EXERCISE DESCRIPTION:
After locating "rewrite big_split /= sumrN" in the listing below, copy that line and each one after it exactly, ending with the line that has "have -> : (Num.floor t)%:~R = k%:R :> R.".

EXERCISE MATERIALS:

(* Imported only now: their [set0] and [subsetP] would shadow those of finset. *)
From mathcomp Require Import all_classical all_reals all_analysis.
From mathcomp Require Import ring lra.
Local Open Scope classical_set_scope.
Local Open Scope ring_scope.

Lemma truncn_pred_ltr (R : archiNumDomainType) (x : R) :
  0 < x -> ((Num.truncn x).-1)%:R < x.
Proof.
move=> x_gt0; have /andP[trunc_le _] := truncn_itv (ltW x_gt0).
case: (Num.truncn x) trunc_le => [_ | p p1_le] //=.
by apply: lt_le_trans p1_le; rewrite ltr_nat.
Qed.

Lemma truncn_pred_ger (R : archiNumDomainType) (x : R) :
  0 <= x -> x - 2 <= ((Num.truncn x).-1)%:R.
Proof.
move=> x_ge0; have /andP[_ lt_trunc] := truncn_itv x_ge0.
rewrite lerBlDr; apply: le_trans (ltW lt_trunc) _.
by rewrite -natrD ler_nat; lia.
Qed.

Lemma sum_ord_succ (R : numFieldType) k :
  \sum_(l < k) (l.+1)%:R = (k * k.+1)%:R / 2 :> R.
Proof.
elim: k => [|k IHk]; first by rewrite big_ord0 mul0r.
rewrite big_ord_recr /= IHk; apply: (@mulIf _ 2); first by rewrite pnatr_eq0.
rewrite mulrDl !divfK ?pnatr_eq0 // -natrM -natrD; congr _%:R; lia.
Qed.

Lemma len_set0 (R : realType) : len (set0 : set R) = 0.
Proof. by rewrite /len measure0. Qed.

Lemma is_piece_set0 (R : realType) (c : R) : is_piece c set0.
Proof.
exists [::]; split=> //; split; first by move=> k l /andP[_].
by apply/seteqP; split=> x // [].
Qed.

Lemma len_piece0 (R : realType) (S : set R) : is_piece 0 S -> len S = 0.
Proof.
case=> s [s_itv [_ ->]]; set U := \bigcup_(k in _) _.
have : U `<=` [set 0].
  move=> x [i /= i_lt]; rewrite /= in_itv /= => /andP[ax xb].
  have [a_ge0 [_ b_le0]] := s_itv i i_lt.
  by apply/eqP; rewrite eq_le (le_trans xb b_le0) (le_trans a_ge0 ax).
by case/subset_set1 => ->; rewrite ?len_set0 // /len lebesgue_measure_set1.
Qed.

Definition threshold {R : archiRealFieldType} (t : R) (n0 l : nat) : nat :=
  (Num.truncn (l.+1%:R * n0%:R / t)).-1.

Section Threshold.
Variables (R : archiRealFieldType) (t : R) (n0 : nat).
Hypothesis t_gt0 : 0 < t.
Local Notation thr := (threshold t n0).

Lemma threshold_homo : {homo thr : x y / (x <= y)%N}.
Proof.
move=> x y xy; rewrite /threshold -!subn1 leq_sub2r // le_truncn //.
by rewrite ler_wpM2r ?invr_ge0 ?(ltW t_gt0) // ler_wpM2r // ler_nat.
Qed.

Lemma threshold_lb l : l.+1%:R * n0%:R / t - 2 <= (thr l)%:R.
Proof. by apply: truncn_pred_ger; rewrite divr_ge0 ?(ltW t_gt0). Qed.

Lemma threshold_ub j :
  (0 < n0)%N -> (0 < j)%N -> (thr j.-1)%:R < j%:R * n0%:R / t.
Proof.
move=> n0_gt0 j_gt0; rewrite /threshold prednK //.
by apply: truncn_pred_ltr; rewrite divr_gt0 // mulr_gt0 // ltr0n.
Qed.

Lemma threshold_le l : l.+1%:R <= t -> (thr l <= n0)%N.
Proof.
move=> l_le_t; apply: leq_trans (leq_pred _) _; rewrite truncn_le_nat.
apply: le_lt_trans (_ : n0%:R < n0.+1%:R); last by rewrite ltr_nat.
by rewrite ler_pdivrMr // mulrC ler_wpM2l.
Qed.

End Threshold.

Section Instance.
Variables (R : realType) (t : R) (k n0 : nat).
Hypotheses (t_ge1 : 1 <= t) (k_le_t : k%:R <= t) (t_lt_k1 : t < k.+1%:R).
Hypothesis n0_gt0 : (0 < n0)%N.

Let t_gt0 : 0 < t := lt_le_trans ltr01 t_ge1.

Local Notation thr := (threshold t n0).
Local Notation D := (k.+1 * (1 + n0 * k))%N.
Local Notation e := (n0 * n0 * k)%N.
Local Notation Ac := (fun _ : 'I_(n0 + e) => set0 : set R).
Local Notation Ag := (@approved_goods k n0 D e).
Local Notation Gs := (@allocated_goods k n0 D thr).
Local Notation N := (@real_agents n0 e).
Local Notation alpha := (t * (1 + n0 * k)%:R).

Lemma cohesion_threshold x : x * (n0 + e)%:R / alpha = x * n0%:R / t.
Proof.
have -> : (n0 + e)%:R = n0%:R * (1 + n0 * k)%:R :> R.
  by rewrite -natrM; congr _%:R; lia.
by field; rewrite gt_eqF ?ltr0n // gt_eqF.
Qed.

Lemma util_real_agent a :
  util (Ac (lshift e a)) (Ag (lshift e a)) set0 Gs = (sat k thr a)%:R.
Proof. by rewrite /util setI0 len_set0 add0r card_approved_allocated_goods. Qed.

Lemma instance_valid : is_instance 0 alpha Ac Ag.
Proof.
do ![split] => //; first by rewrite addn_gt0 n0_gt0.
- by rewrite lt_max ltr0n card_good orbC addn_gt0 addn_gt0.
- by rewrite mulr_gt0.
- rewrite add0r card_good; apply: le_trans (_ : D%:R <= _).
    by rewrite natrM ler_wpM2r // ltW.
  by rewrite ler_nat leq_addl.
- by move=> i; apply: is_piece_set0.
Qed.

Lemma real_agents_cohesive : cohesive alpha Ac Ag t N.
Proof.
split.
  by rewrite cohesion_threshold card_real_agents mulrAC divff ?gt_eqF // mul1r.
rewrite /size_b bigcap_const ?len_set0 ?add0r; last first.
  by exists (lshift e (Ordinal n0_gt0)); rewrite /= imset_f ?inE.
by apply: ltW (lt_le_trans t_lt_k1 _); rewrite ler_nat leq_card_bigcap_real_agents.
Qed.

Lemma allocation_valid : is_allocation 0 alpha set0 Gs.
Proof.
split; first exact: is_piece_set0.
rewrite /size_b len_set0 add0r; apply: le_trans (_ : (1 + n0 * k)%:R <= _).
  by rewrite ler_nat (leq_trans (card_allocated_goods _ _ _ _)) ?leq_addl.
by rewrite ler_peMl.
Qed.

Lemma allocation_EJRM : EJRM 0 alpha Ac Ag set0 Gs.
Proof.
move=> t' N' t'_gt0 [large big] [Cst [Gst [Cst_piece [size_Gst _]]]].
rewrite /size_b len_piece0 // add0r in size_Gst.
rewrite -{t'}size_Gst cohesion_threshold in t'_gt0 large big *.
set j := #|Gst| in t'_gt0 large big *.
have /card_gt0P[i0 i0N'] : (0 < #|N'|)%N.
  rewrite -(ltr0n R); apply: lt_le_trans large.
  by rewrite divr_gt0 // mulr_gt0 // ltr0n.
rewrite /size_b bigcap_const ?len_set0 ?add0r in big; last by exists i0.
have N'_real : N' \subset N.
  by apply: subset_real_agents; rewrite -card_gt0 -(ltr0n R); apply: lt_le_trans big.
have j_le_k : (j <= k)%N.
  rewrite -ltnS -(ltr_nat R); apply: le_lt_trans t_lt_k1.
  have : j%:R * n0%:R / t <= n0%:R :> R.
    apply: le_trans large _.
    by rewrite ler_nat (leq_trans (subset_leq_card N'_real)) ?card_real_agents.
  by rewrite ler_pdivrMr // mulrC ler_pM2l // ltr0n.
have j_range : (0 < j <= k)%N by rewrite j_le_k andbT -(ltr0n R).
have crowded : (thr j.-1 < #|N'|)%N.
  rewrite -(ltr_nat R); apply: lt_le_trans large.
  by apply: threshold_ub; case/andP: j_range.
have [a aN' j_le_sat] :=
  exists_satisfied_member (threshold_homo n0 t_gt0) j_range N'_real crowded.
by exists (lshift e a) => //; rewrite util_real_agent ler_nat.
Qed.

Lemma avg_sat_real_agents :
  avg_sat Ac Ag N set0 Gs = n0%:R^-1 * \sum_(l < k) (n0 - thr l)%:R.
Proof.
rewrite /avg_sat card_real_agents big_imset /=; last first.
  by move=> x y _ _; apply: lshift_inj.
under eq_bigr => a _ do rewrite util_real_agent.
rewrite (eq_bigl xpredT) => [|a]; last by rewrite inE.
rewrite -natr_sum sum_sat ?natr_sum // => l.
by apply: threshold_le => //; apply: le_trans k_le_t; rewrite ler_nat.
Qed.

Lemma avg_sat_real_agents_le :
  avg_sat Ac Ag N set0 Gs <= k%:R * (1 - (k%:R + 1) / (2 * t)) + 2 * k%:R / n0%:R.
Proof.
have term_le (l : 'I_k) :
    (n0 - thr l)%:R <= n0%:R + 2 - n0%:R / t * l.+1%:R :> R.
  rewrite natrB; last by apply: threshold_le; rewrite // (le_trans _ k_le_t) ?ler_nat.
  have := threshold_lb n0 t_gt0 l; lra.
rewrite avg_sat_real_agents.
apply: le_trans (ler_wpM2l _ (ler_sum _ (fun l _ => term_le l))) _.
  by rewrite invr_ge0.
rewrite big_split /= sumrN -mulr_sumr sum_ord_succ sumr_const card_ord.
rewrite le_eqVlt; apply/orP; left; apply/eqP.
by rewrite -mulr_natr natrM -natr1; field; rewrite !gt_eqF ?ltr0n.
Qed.

End Instance.

Theorem mainTheorem14 (R : realType) (t eps : R) :
  1 <= t -> 0 < eps ->
  exists (n m : nat) (c alpha : R)
         (Ac : 'I_n -> set R) (Ag : 'I_n -> {set 'I_m})
         (Nstar : {set 'I_n}) (Cs : set R) (Gs : {set 'I_m}),
    is_instance c alpha Ac Ag /\
    cohesive alpha Ac Ag t Nstar /\
    is_allocation c alpha Cs Gs /\
    EJRM c alpha Ac Ag Cs Gs /\
    avg_sat Ac Ag Nstar Cs Gs <=
      (Num.floor t)%:~R * (1 - ((Num.floor t)%:~R + 1) / (2 * t)) + eps.
Proof.
move=> t_ge1 eps_gt0; have t_gt0 : 0 < t := lt_le_trans ltr01 t_ge1.
set k := Num.truncn t; have /andP[k_le_t t_lt_k1] := truncn_itv (ltW t_gt0).
have -> : (Num.floor t)%:~R = k%:R :> R.
  by rewrite /k truncn_floor (ltW t_gt0) natr_absz ger0_norm // floor_ge0 ltW.
set n0 := (Num.truncn (2 * k%:R / eps)).+1; have n0_gt0 : (0 < n0)%N by [].
have err_le : 2 * k%:R / n0%:R <= eps.
  rewrite ler_pdivrMr ?ltr0n // -ler_pdivrMl // mulrC.
  exact/ltW/truncnS_gt.
exists _, _, 0, (t * (1 + n0 * k)%:R), (fun _ => set0),
  (@approved_goods k n0 (k.+1 * (1 + n0 * k)) (n0 * n0 * k)),
  (@real_agents n0 (n0 * n0 * k)), set0,
  (@allocated_goods k n0 (k.+1 * (1 + n0 * k)) (threshold t n0)).
split; first exact: instance_valid t_ge1 t_lt_k1 n0_gt0.
split; first exact: real_agents_cohesive t_ge1 k_le_t t_lt_k1 n0_gt0.
split; first exact: allocation_valid k n0 t_ge1.
split; first exact: allocation_EJRM t_ge1 k_le_t t_lt_k1 n0_gt0.
apply: le_trans (avg_sat_real_agents_le t_ge1 k_le_t n0_gt0) _.
by rewrite lerD2l.
Qed.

SOLUTION FOR THIS EXERCISE:
rewrite big_split /= sumrN -mulr_sumr sum_ord_succ sumr_const card_ord.
rewrite le_eqVlt; apply/orP; left; apply/eqP.
by rewrite -mulr_natr natrM -natr1; field; rewrite !gt_eqF ?ltr0n.
Qed.

End Instance.

Theorem mainTheorem14 (R : realType) (t eps : R) :
  1 <= t -> 0 < eps ->
  exists (n m : nat) (c alpha : R)
         (Ac : 'I_n -> set R) (Ag : 'I_n -> {set 'I_m})
         (Nstar : {set 'I_n}) (Cs : set R) (Gs : {set 'I_m}),
    is_instance c alpha Ac Ag /\
    cohesive alpha Ac Ag t Nstar /\
    is_allocation c alpha Cs Gs /\
    EJRM c alpha Ac Ag Cs Gs /\
    avg_sat Ac Ag Nstar Cs Gs <=
      (Num.floor t)%:~R * (1 - ((Num.floor t)%:~R + 1) / (2 * t)) + eps.
Proof.
move=> t_ge1 eps_gt0; have t_gt0 : 0 < t := lt_le_trans ltr01 t_ge1.
set k := Num.truncn t; have /andP[k_le_t t_lt_k1] := truncn_itv (ltW t_gt0).
have -> : (Num.floor t)%:~R = k%:R :> R.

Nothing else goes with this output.